* _Exercise directions_
Pick every line out of the entries below that holds the string "sigma", and report them.

......

(* Let $A$ and $B$ be finite skew braces with $|A|=|B|$. If $A$ and $B$ are isoclinic, then $\Lambda(A)\cong\Lambda(B)$ and $\Theta(A)\cong\Theta(B)$ as graphs.
   Context: A skew brace is a triple $(A,+,\circ)$ where $(A,+)$ and $(A,\circ)$ are groups with $a\circ(b+c)=a\circ b-a+a\circ c$. $\lambda_a(b)=-a+a\circ b$, $a*b=\lambda_a(b)-b$, $[a,b]_+=a+b-a-b$; $\theta_{(a,b)}(c)=a+\lambda_b(c)-a$ is an action of $(A,+)\rtimes_\lambda(A,\circ)$ on $(A,+)$. $\operatorname{Soc}(A)=\ker\lambda\cap Z(A,+)$ and $\operatorname{Ann}(A)=\operatorname{Soc}(A)\cap Z(A,\circ)$ (an ideal). $A^2$ is the additive subgroup generated by all $a*b$, and $A'$ is the additive subgroup generated by $A^2$ and all $[a,b]_+$. Two skew braces $A,B$ are isoclinic if there exist a skew brace isomorphism $\xi\colon A/\operatorname{Ann}(A)\to B/\operatorname{Ann}(B)$ and a group isomorphism $\delta\colon (A',+)\to(B',+)$ such that for all $a,b\in A$ and all $a_1,b_1\in B$ with $\overline{a_1}=\xi(\overline a)$, $\overline{b_1}=\xi(\overline b)$ one has $\delta([a,b]_+)=[a_1,b_1]_+$ and $\delta(a*b)=a_1*b_1$. For a finite skew brace, $\Lambda(A)$ (resp. $\Theta(A)$) is the graph whose vertices are the $\lambda$-orbits (resp. $\theta$-orbits) of size $>1$, two distinct vertices $L_1,L_2$ adjacent iff $\gcd(|L_1|,|L_2|)\neq1$. *)

From mathcomp Require Import all_boot.
Set Implicit Arguments. Unset Strict Implicit. Unset Printing Implicit Defensive.

Record skew_brace (T : finType) := SkewBrace {
  sadd : T -> T -> T;
  sopp : T -> T;
  szero : T;
  scirc : T -> T -> T;
  sinv : T -> T;
  sone : T;
  saddA : forall a b c, sadd a (sadd b c) = sadd (sadd a b) c;
  sadd0l : forall a, sadd szero a = a;
  saddNl : forall a, sadd (sopp a) a = szero;
  scircA : forall a b c, scirc a (scirc b c) = scirc (scirc a b) c;
  scirc1l : forall a, scirc sone a = a;
  scircVl : forall a, scirc (sinv a) a = sone;
  sbrace : forall a b c,
    scirc a (sadd b c) = sadd (sadd (scirc a b) (sopp a)) (scirc a c)
}.

Section Defs.
Variables (T : finType) (A : skew_brace T).

Local Notation "a + b" := (sadd A a b).
Local Notation "- a" := (sopp A a).
Local Notation "a \o b" := (scirc A a b).

Definition lam (a b : T) : T := - a + (a \o b).
Definition sstar (a b : T) : T := lam a b + - b.
Definition acomm (a b : T) : T := a + b + - a + - b.
Definition theta (a b c : T) : T := a + lam b c + - a.

(* Ann(A) = Soc(A) cap Z(A,o), Soc(A) = ker lambda cap Z(A,+) *)
Definition Ann : {set T} :=
  [set a | [forall b, [&& lam a b == b, a + b == b + a & a \o b == b \o a]]].

(* the class of a in A/Ann(A), as a coset a + Ann(A) *)
Definition acoset (a : T) : {set T} := [set a + z | z in Ann].
Definition quot : {set {set T}} := [set acoset a | a : T].

Definition add_gen (G : {set T}) (x : T) : Prop :=
  forall S : {set T},
    szero A \in S -> (forall u v, u \in S -> v \in S -> u + v \in S) ->
    (forall u, u \in S -> - u \in S) -> G \subset S -> x \in S.

Definition derived (x : T) : Prop :=
  add_gen [set y | [exists a, exists b, (y == sstar a b) || (y == acomm a b)]] x.

Definition lam_orbit (c : T) : {set T} := [set lam a c | a : T].
Definition theta_orbit (c : T) : {set T} := [set theta a b c | a : T, b : T].

Definition LambdaV : {set {set T}} :=
  [set lam_orbit c | c in [pred c | 1 < #|lam_orbit c|]].
Definition ThetaV : {set {set T}} :=
  [set theta_orbit c | c in [pred c | 1 < #|theta_orbit c|]].
Lemma reachable_target_cross_ratio (X A : finType) (P : X -> A -> C)
    (psi : A -> X -> 'cV[C]_2) (c s : C) :
  0 < c -> 0 < s -> c ^+ 2 + s ^+ 2 = 1 -> pure_DI_assemblage P psi ->
  LOCC_reachable P psi (target c s) ->
  exists g : {ffun bool * bool -> A * X},
    cross_ratio (fun af xf => psi (g (af, xf)).1 (g (af, xf)).2) = - (s / c) ^+ 2.
Proof.
move=> c_gt0 s_gt0 cs1 Hpure [W [K [Pre [Post [_ [HPre [HPost Himg]]]]]]].
exact: (LOCC_target_cross_ratio Hpure HPre HPost c_gt0 s_gt0 cs1 Himg).
Qed.

Lemma unit_circle_ratio (t : C) : 0 < t ->
  exists c s : C, [/\ 0 < c, 0 < s, c ^+ 2 + s ^+ 2 = 1 & s / c = t].
Proof.
move=> t_gt0.
have norm_gt0 : 0 < 1 + t ^+ 2 by rewrite addr_gt0 ?ltr01 ?exprn_gt0.
have c_gt0 : 0 < sqrtC (1 + t ^+ 2)^-1 by rewrite sqrtC_gt0 invr_gt0.
exists (sqrtC (1 + t ^+ 2)^-1), (t * sqrtC (1 + t ^+ 2)^-1).
split; rewrite ?mulr_gt0 ?mulfK ?lt0r_neq0 //.
by rewrite exprMn sqrtCK; field; rewrite lt0r_neq0.
Qed.

Lemma inj_seq_not_in_codom (T : finType) (U : eqType) (g : T -> U)
    (f : nat -> U) :
  injective f -> ~ (forall n, f n \in codom g).
Proof.
move=> f_inj f_in_codom.
have sub : {subset map f (iota 0 #|T|.+1) <= codom g}.
  by move=> _ /mapP[n _ ->]; apply: f_in_codom.
have uniq_f : uniq (map f (iota 0 #|T|.+1)).
  by rewrite map_inj_uniq // iota_uniq.
have := uniq_leq_size uniq_f sub.
by rewrite size_map size_iota size_codom ltnn.
Qed.

Unset Implicit Arguments.

Theorem theoremS2 (N : nat) (hN : (2 <= N)%N)
  (mx ma : 'I_(N.-1) -> nat)
  (P : inputs mx -> outputs ma -> C) (psi : outputs ma -> inputs mx -> 'cV[C]_2) :
  pure_DI_assemblage P psi ->
  ~ (forall sigma : bool -> bool -> 'M[C]_2,
       min_qubit_assemblage sigma -> LOCC_reachable P psi sigma).
Proof.
move=> Hpure Hall.
pose cr (g : {ffun bool * bool -> outputs ma * inputs mx}) :=
  cross_ratio (fun af xf => psi (g (af, xf)).1 (g (af, xf)).2).
have sqr_inj : injective (fun n : nat => - n.+1%:R ^+ 2 : C).
  by move=> m n /oppr_inj/eqP; rewrite eqrXn2 ?ler0n // eqr_nat eqSS => /eqP.
apply: (inj_seq_not_in_codom (g := cr) sqr_inj) => n /=.
have [c [s [c_gt0 s_gt0 cs1 <-]]] := unit_circle_ratio (ltr0Sn C n).
have [g cr_g] := reachable_target_cross_ratio c_gt0 s_gt0 cs1 Hpure
  (Hall _ (target_assemblage c_gt0 s_gt0 cs1)).
by apply/codomP; exists g.
Qed.
Lemma indeg0P v : reflect (forall u, ~~ t u v) (indeg t v == 0).
Proof.
rewrite cards_eq0; apply: (iffP eqP) => [E u | noarc].
  by apply/negP => tuv; have := in_set0 u; rewrite -E inE tuv.
by apply/setP => u; rewrite !inE (negbTE (noarc u)).
Qed.

Lemma outdeg0P v : reflect (forall w, ~~ t v w) (outdeg t v == 0).
Proof.
rewrite cards_eq0; apply: (iffP eqP) => [E w | noarc].
  by apply/negP => tvw; have := in_set0 w; rewrite -E inE tvw.
by apply/setP => w; rewrite !inE (negbTE (noarc w)).
Qed.

Lemma indeg_le1_eq u u' v : indeg t v <= 1 -> t u v -> t u' v -> u = u'.
Proof. by move/card_le1_eqP => uniq_pred tuv tu'v; apply: uniq_pred; rewrite inE. Qed.

Lemma parent_connect (r : V) (parent : V -> V) :
  acyclic t -> (forall v, v != r -> t (parent v) v) ->
  forall v, connect [rel u w | (w != r) && (parent w == u)] r v.
Proof.
move=> ac t_parent v; have [n] := ubnP #|[set u | connect t u v]|.
elim: n v => // n IH v ancestors_lt.
have [-> | vr] := eqVneq v r; first exact: connect0.
apply: (@connect_trans _ _ (parent v)); last by apply: connect1; rewrite /= vr eqxx.
apply: IH; rewrite -ltnS; apply: leq_trans ancestors_lt; apply: proper_card; apply/properP; split.
  apply/subsetP => u; rewrite !inE => /connect_trans; apply.
  exact/connect1/t_parent.
by exists v; rewrite inE ?connect0 //; apply/ac/t_parent.
Qed.
Lemma adjoin_le_cross x y z n m n' m' :
  le (x *+ n.+1 + b *+ m, y *+ n.+1 + a *+ m) ->
  le (y *+ n'.+1 + b *+ m', z *+ n'.+1 + a *+ m') ->
  le (x *+ (n.+1 * n'.+1) + b *+ (m * n'.+1 + m' * n.+1),
      z *+ (n.+1 * n'.+1) + a *+ (m * n'.+1 + m' * n.+1)).
Proof.
move=> /(mo_mulrn hle n'.+1) h1 /(mo_mulrn hle n.+1) h2.
apply: (mo_addrK hle (c := y *+ (n.+1 * n'.+1))).
have := mo_add hle h1 h2; rewrite !mulrnDl -!mulrnA (mulnC n'.+1 n.+1) !mulrnDr.
rewrite [X in le (X, _)]addrACA [X in le (X, _)]addrAC.
by rewrite [X in le (_, X)]addrACA [y *+ _ + z *+ _]addrC [X in le (_, X)]addrAC.
Qed.

Lemma monoid_order_adjoin : monoid_order adjoin_le.
Proof.
split.
- by move=> x; exists 0%N, 0%N; apply: mo_refl.
- move=> x y z [n [m h1]] [n' [m' h2]].
  exists (n.+1 * n'.+1).-1, (m * n'.+1 + m' * n.+1).
  by rewrite prednK ?muln_gt0 //; apply: adjoin_le_cross h1 h2.
- move=> x y [n [m h1]] [n' [m' h2]].
  have := adjoin_le_cross h1 h2; rewrite addrC [X in le (_, X)]addrC => /(mo_addrK hle).
  case ek: (m * n'.+1 + m' * n.+1)%N => [|k]; last by move/(mo_mulrnK hle)/nba.
  move=> _.
  move: ek => /eqP; rewrite addn_eq0 !muln_eq0 /= !orbF => /andP[/eqP em /eqP em'].
  move: h1 h2; rewrite em em' !mulr0n !addr0 => /(mo_mulrnK hle) h1 /(mo_mulrnK hle).
  exact: mo_anti.
- move=> x y c; split=> -[n [m h]]; exists n, m; move: h => /=;
    rewrite !mulrnDl (addrAC (x *+ _)) (addrAC (y *+ _)).
    exact: mo_addrK.
  exact: mo_addr.
- move=> k x y [n [m h]]; exists (k.+1 * n.+1).-1, m.
  by rewrite prednK ?muln_gt0 // !mulrnA.
Qed.
End AdjoinComparison.

Lemma monoid_order_bigcup (F : set (set (G * G))) :
  F `<=` monoid_order -> total_on F subset -> F !=set0 ->
  monoid_order (\bigcup_(X in F) X).
Proof.
move=> Fo Ftot [X0 FX0].
have common p q : (\bigcup_(X in F) X) p -> (\bigcup_(X in F) X) q ->
    exists2 X, F X & X p /\ X q.
  move=> [X FX Xp] [Y FY Yq]; have [XY|YX] := Ftot X Y FX FY.
    by exists Y => //; split => //; apply: XY.
  by exists X => //; split => //; apply: YX.
split.
- by move=> x; exists X0; last exact: (mo_refl (Fo X0 FX0)).
- move=> x y z /common /[apply] -[X FX [hxy hyz]].
  by exists X; last exact: (mo_trans (Fo X FX) hxy hyz).
- by move=> x y /common /[apply] -[X FX [hxy hyx]]; exact: (mo_anti (Fo X FX) hxy hyx).
- move=> x y c; split=> -[X FX h]; exists X => //.
    exact: (mo_addrK (Fo X FX) h).
  exact: (mo_addr (Fo X FX) c h).
- by move=> k x y [X FX h]; exists X; last exact: (mo_mulrnK (Fo X FX) h).
Qed.
Let s_g : s * g = g * s.
Proof.
have [_ _ gh_phg] := nonfixedR gN hN gh; have [_ _ hg_pgh] := nonfixedR hN gN hg.
move: gh_phg; rewrite phi_h -mulgA hg_pgh phi_g !mulgA => /(mulIg h) E.
by rewrite [X in _ = X * _]E -(mulgA _ s s) defect_sqr mulg1.
Qed.

Let phi_h_right : phi h = h * s. Proof. by rewrite phi_h s_h. Qed.

Lemma defect_neq1 : s <> 1.
Proof. by move=> s1; apply: gN; rewrite phi_g s1 mulg1. Qed.

Lemma commg_pair : [~ g, h] = s.
Proof.
have [_ gh_hpg _] := nonfixedR gN hN gh.
by rewrite /commg /conjg gh_hpg mulKg /defect -lock.
Qed.

Let defect_transfer x y : phi y <> y -> phi y = y * s -> phi x <> x ->
  x * y <> y * x -> phi x = x * s.
Proof.
move=> yN phi_y xN xy.
have [_ xy_ypx _] := nonfixedR xN yN xy.
have [_ yx_xpy _] := nonfixedR yN xN (fun E => xy (esym E)).
by apply: (mulgI y); rewrite -xy_ypx mulgA yx_xpy phi_y -!mulgA defect_sqr mulg1.
Qed.

Lemma phi_nonfixed x : phi x <> x -> phi x = x * s.
Proof.
move=> xN.
have [xg|/eqP xg] := eqVneq (x * g) (g * x); last exact: defect_transfer gN phi_g xN xg.
have [xh|/eqP xh] := eqVneq (x * h) (h * x); last first.
  exact: defect_transfer hN phi_h_right xN xh.
have xs : x * s = s * x.
  rewrite -commg_pair /commg /conjg; apply: commuteM; first exact/commuteV.
  by apply: commuteM; [exact/commuteV | exact: commuteM].
(* [xg] does not commute with [h]; compare the defects of [x g] and [g] *)
have xgh : x * g * h <> h * (x * g).
  by move=> E; apply: gh; apply: (mulgI x); rewrite mulgA E mulgA -xh -mulgA.
have [xgF|/eqP xgN] := eqVneq (phi (x * g)) (x * g).
  move: xgF; rewrite phiM // phi_g xg -!mulgA => /(mulgI g) E.
  by apply: (mulgI s); rewrite E xs mulgA defect_sqr mul1g.
move: (defect_transfer hN phi_h_right xgN xgh).
by rewrite phiM // phi_g xg -!mulgA => /(mulgI g); rewrite xs => /(mulgI s).
Qed.

Lemma phi_defect : phi s = s.
Proof.
by rewrite {1}/defect -lock phiM // phiV // phiK // phi_g invgM sV mulgA -s_g mulgK.
Qed.

(* [s] is central: for fixed [x] by [fixed_rule], otherwise since
   [x s = phi x] and [s] is fixed. *)
Lemma defect_central x : x * s = s * x.
Proof.
have conj_s y : y = s * y * s -> y * s = s * y.
  by move=> {1}->; rewrite -mulgA defect_sqr mulg1.
have [xF|/eqP xN] := eqVneq (phi x) x.
  have [[gx xpg]|[gx xg]] := fixedR gN xF.
    by move: xpg; rewrite phi_g mulgA -gx -!mulgA => /(mulgI g) /esym.
  apply: conj_s; move: gx; rewrite phi_g mulgA xg phi_g -!mulgA.
  by move=> /(mulgI g); rewrite !mulgA.
apply: conj_s; rewrite -{1}(phiK inv_phi x) (phi_nonfixed xN) phiM // phi_defect.
by rewrite (phi_nonfixed xN) mulgA.
Qed.

Lemma commg_1_or_defect x y : [~ x, y] = 1 \/ [~ x, y] = s.
Proof.
have [xy|xy] := eqVneq (x * y) (y * x); first by left; apply/eqP/commgP.
right; suff xy_s : x * y = y * x * s by rewrite /commg /conjg xy_s -!mulgA !mulKg.
have yx : y * x <> x * y by move=> E; move/eqP: xy; apply.
have [xF|/eqP xN] := eqVneq (phi x) x; have [yF|/eqP yN] := eqVneq (phi y) y.
- have xyN : phi (x * y) <> x * y by rewrite phiM // xF yF.
  by move: (phi_nonfixed xyN); rewrite phiM // xF yF => ->; rewrite -mulgA defect_sqr mulg1.
- have [[/yx []]|[_ ->]] := fixedR yN xF.
  by rewrite (phi_nonfixed yN) -mulgA -defect_central mulgA.
- have [[/eqP /(negP xy) []]|[-> _]] := fixedR xN yF.
  by rewrite (phi_nonfixed xN) mulgA.
- have [_ -> _] := nonfixedR xN yN (elimN eqP xy).
  by rewrite (phi_nonfixed xN) mulgA.
Qed.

......

* _Your solution_
  ~ (forall sigma : bool -> bool -> 'M[C]_2,
       min_qubit_assemblage sigma -> LOCC_reachable P psi sigma).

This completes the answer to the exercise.